(Stored data)

Lemma is_lim_seq_dot c vs v : is_lim_list vs v -> is_lim_seq (fun t => dot c (vs t)) (dot c v).
Proof.
  revert vs v. induction c as [| a c IH]; intros vs v [Hl Hn].
  { apply is_lim_seq_const. }
  destruct v as [| h v].
  - apply (is_lim_seq_ext (fun _ => 0)); [| apply is_lim_seq_const].
    intros t. specialize (Hl t). now destruct (vs t).
  - apply (is_lim_seq_ext (fun t => a * nth 0 (vs t) 0 + dot c (tl (vs t)))).
    { intros t. specialize (Hl t). destruct (vs t); simpl in *; [discriminate | reflexivity]. }
    apply is_lim_seq_plus'; [apply (is_lim_seq_scal_l _ a h (Hn O)) |].
    apply IH. split.
    + intros t. specialize (Hl t). destruct (vs t); simpl in *; lia.
    + intros k. apply (is_lim_seq_ext (fun t => nth (S k) (vs t) 0)); [| apply (Hn (S k))].
      intros t. destruct (vs t); simpl; [now destruct k | reflexivity].
Qed.

Lemma is_lim_list_eval_layer (l : layer) vs v : (forall x, continuity_pt (snd l) x) ->
  is_lim_list vs v -> is_lim_list (fun t => eval_layer l (vs t)) (eval_layer l v).
Proof.
  destruct l as [[W b] sigma]. simpl. intros Hs Hlim. split.
  { intros t. unfold eval_layer. rewrite !length_map. reflexivity. }
  intros k. unfold eval_layer. set (d := (@nil R, 0)).
  destruct (Nat.lt_ge_cases k (length (combine W b))) as [Hk | Hk].
  - rewrite (nth_indep _ 0 (sigma (dot (fst d) v + snd d))) by (rewrite length_map; auto).
    rewrite (map_nth (fun rb : list R * R => sigma (dot (fst rb) v + snd rb))).
    apply (is_lim_seq_ext
      (fun t => sigma (dot (fst (nth k (combine W b) d)) (vs t) + snd (nth k (combine W b) d)))).
    { intros t. rewrite (nth_indep _ 0 (sigma (dot (fst d) (vs t) + snd d)))
        by (rewrite length_map; auto).
      now rewrite (map_nth (fun rb : list R * R => sigma (dot (fst rb) (vs t) + snd rb))). }
    apply is_lim_seq_continuous; [apply Hs |].
    apply is_lim_seq_plus'; [now apply is_lim_seq_dot | apply is_lim_seq_const].
  - rewrite nth_overflow by (rewrite length_map; auto).
    apply (is_lim_seq_ext (fun _ => 0)); [| apply is_lim_seq_const].
    intros t. rewrite nth_overflow by (rewrite length_map; auto). reflexivity.
Qed.

Lemma is_lim_seq_ffn g vs v : is_ffn g -> is_lim_list vs v -> is_lim_seq (fun t => g (vs t)) (g v).
Proof.
  intros [ls [c [c0 [Hc He]]]] Hlim.
  apply (is_lim_seq_ext (fun t => eval_ffn ls c c0 (vs t))); [intros; now rewrite He |].
  rewrite He. unfold eval_ffn. clear He.
  apply is_lim_seq_plus'; [apply is_lim_seq_dot | apply is_lim_seq_const].
  revert vs v Hlim. induction Hc as [| l ls Hl Hls IH]; intros vs v Hlim; [exact Hlim |].
  apply IH. now apply is_lim_list_eval_layer.
Qed.

Lemma nth_map_seq {A : Type} (f : nat -> A) n j d : (j < n)%nat -> nth j (map f (seq 0 n)) d = f j.
Proof.
  intros H. rewrite (nth_indep _ d (f 0%nat)) by (rewrite length_map, length_seq; auto).
  rewrite map_nth, seq_nth by auto. reflexivity.
Qed.

Section Cascade.
Variables (w : nat -> R) (beta : nat -> list R -> R) (ue : list R).

Let step (s : list R) : list R := fbar w beta s ue.

Lemma fbar_length x u : length (fbar w beta x u) = length x.
Proof. unfold fbar. now rewrite length_map, length_seq. Qed.

Lemma nth_fbar x u j : (j < length x)%nat ->
  nth j (fbar w beta x u) 0 = tanh (w j * nth j x 0 + beta j (u ++ firstn j x)).
Proof. intros H. unfold fbar. now rewrite nth_map_seq. Qed.

Lemma firstn_fbar k x u : firstn k (fbar w beta x u) = fbar w beta (firstn k x) u.
Proof.
  apply nth_ext with (d := 0) (d' := 0).
  { now rewrite length_firstn, !fbar_length, length_firstn. }
  intros j Hj. rewrite length_firstn, fbar_length in Hj.
  assert (Hjk : (j <? k)%nat = true) by (apply Nat.ltb_lt; lia).
  rewrite nth_firstn, Hjk, !nth_fbar by (try rewrite length_firstn; lia).
  rewrite (nth_firstn k x j), Hjk, firstn_firstn. now replace (Nat.min j k) with j by lia.
Qed.
(* Let $w=w_1\cdots w_n$ be a strict pin word and $(p_1,\dots,p_n)$, together with its origin $p_0$, the pin sequence encoded by $w$. For $i\ge2$ define $q(w_{i-1},w_i)=\phi^{-1}(w_{i-1}w_i)$ if $i\ge3$, and $q(w_1,w_2)=\phi^{-1}(BC)$ where $\phi(w_1w_2)=ABC$. Then for every $i\ge2$, $q(w_{i-1},w_i)$ is a numeral, and $p_i$ lies in quadrant $q(w_{i-1},w_i)$ with respect to $\{p_0,\dots,p_{i-2}\}$.
   Context: Pins are points of $\mathbb{Z}^2$. A pin $p$ separates a set $P$ from a set $Q$ horizontally (resp. vertically) if the horizontal (resp. vertical) line through $p$ has $P$ strictly on one side and $Q$ strictly on the other. A pin sequence is a sequence $(p_1,\dots,p_k)$ of pins, no two in a common row or column, such that for every $i\ge2$, $p_i$ lies outside the bounding box of $\{p_1,\dots,p_{i-1}\}$ and either $p_i$ separates $p_{i-1}$ from $\{p_1,\dots,p_{i-2}\}$ or $p_i$ is independent from $\{p_1,\dots,p_{i-1}\}$ (does not separate it into two nonempty sets). Pin words: given a pin sequence $(p_1,\dots,p_n)$ and an origin $p_0$ such that $(p_0,\dots,p_n)$ is a pin sequence, each $p_i$ ($i\ge1$) is encoded by $U$ (resp. $D,L,R$) if $p_i$ separates $p_{i-1}$ from $\{p_0,\dots,p_{i-2}\}$ and lies above (resp. below, left of, right of) the bounding box of $\{p_0,\dots,p_{i-1}\}$, and by $1$ (resp. $2,3,4$) if $p_i$ is independent from $\{p_0,\dots,p_{i-1}\}$ and lies in the up-right (resp. up-left, bottom-left, bottom-right) corner region of that bounding box. Letters $1,2,3,4$ are numerals, $U,D,L,R$ directions. A strict pin word is a pin word of length $\ge2$ whose first letter is a numeral and all others directions; it determines its pin sequence $(p_0,\dots,p_n)$ up to order isomorphism. A point $x$ lies in quadrant $1$ (resp. $2,3,4$) with respect to a finite set $S$ of points if its abscissa is larger (resp. smaller, smaller, larger) than all abscissas in $S$ and its ordinate is larger (resp. larger, smaller, smaller) than all ordinates in $S$. For a strict pin word $u=u'u''$ with $|u'|=2$, $\phi(u)=\varphi(u')u''$ with $\varphi$: $1R\mapsto RUR$, $2R\mapsto LUR$, $3R\mapsto LDR$, $4R\mapsto RDR$, $1L\mapsto RUL$, $2L\mapsto LUL$, $3L\mapsto LDL$, $4L\mapsto RDL$, $1U\mapsto URU$, $2U\mapsto ULU$, $3U\mapsto DLU$, $4U\mapsto DRU$, $1D\mapsto URD$, $2D\mapsto ULD$, $3D\mapsto DLD$, $4D\mapsto DRD$. On two-letter words of directions, $\phi^{-1}$ is defined by $\phi^{-1}(UR)=\phi^{-1}(RU)=1$, $\phi^{-1}(UL)=\phi^{-1}(LU)=2$, $\phi^{-1}(DL)=\phi^{-1}(LD)=3$, $\phi^{-1}(RD)=\phi^{-1}(DR)=4$. *)

From Stdlib Require Import ZArith List.
Import ListNotations.
Open Scope Z_scope.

▸ **Try it**: Look over the records. Copy the lines that include the word "revert".

▸ **Exercise solution**:
  revert vs v. induction c as [| a c IH]; intros vs v [Hl Hn].
  revert vs v Hlim. induction Hc as [| l ls Hl Hls IH]; intros vs v Hlim; [exact Hlim |].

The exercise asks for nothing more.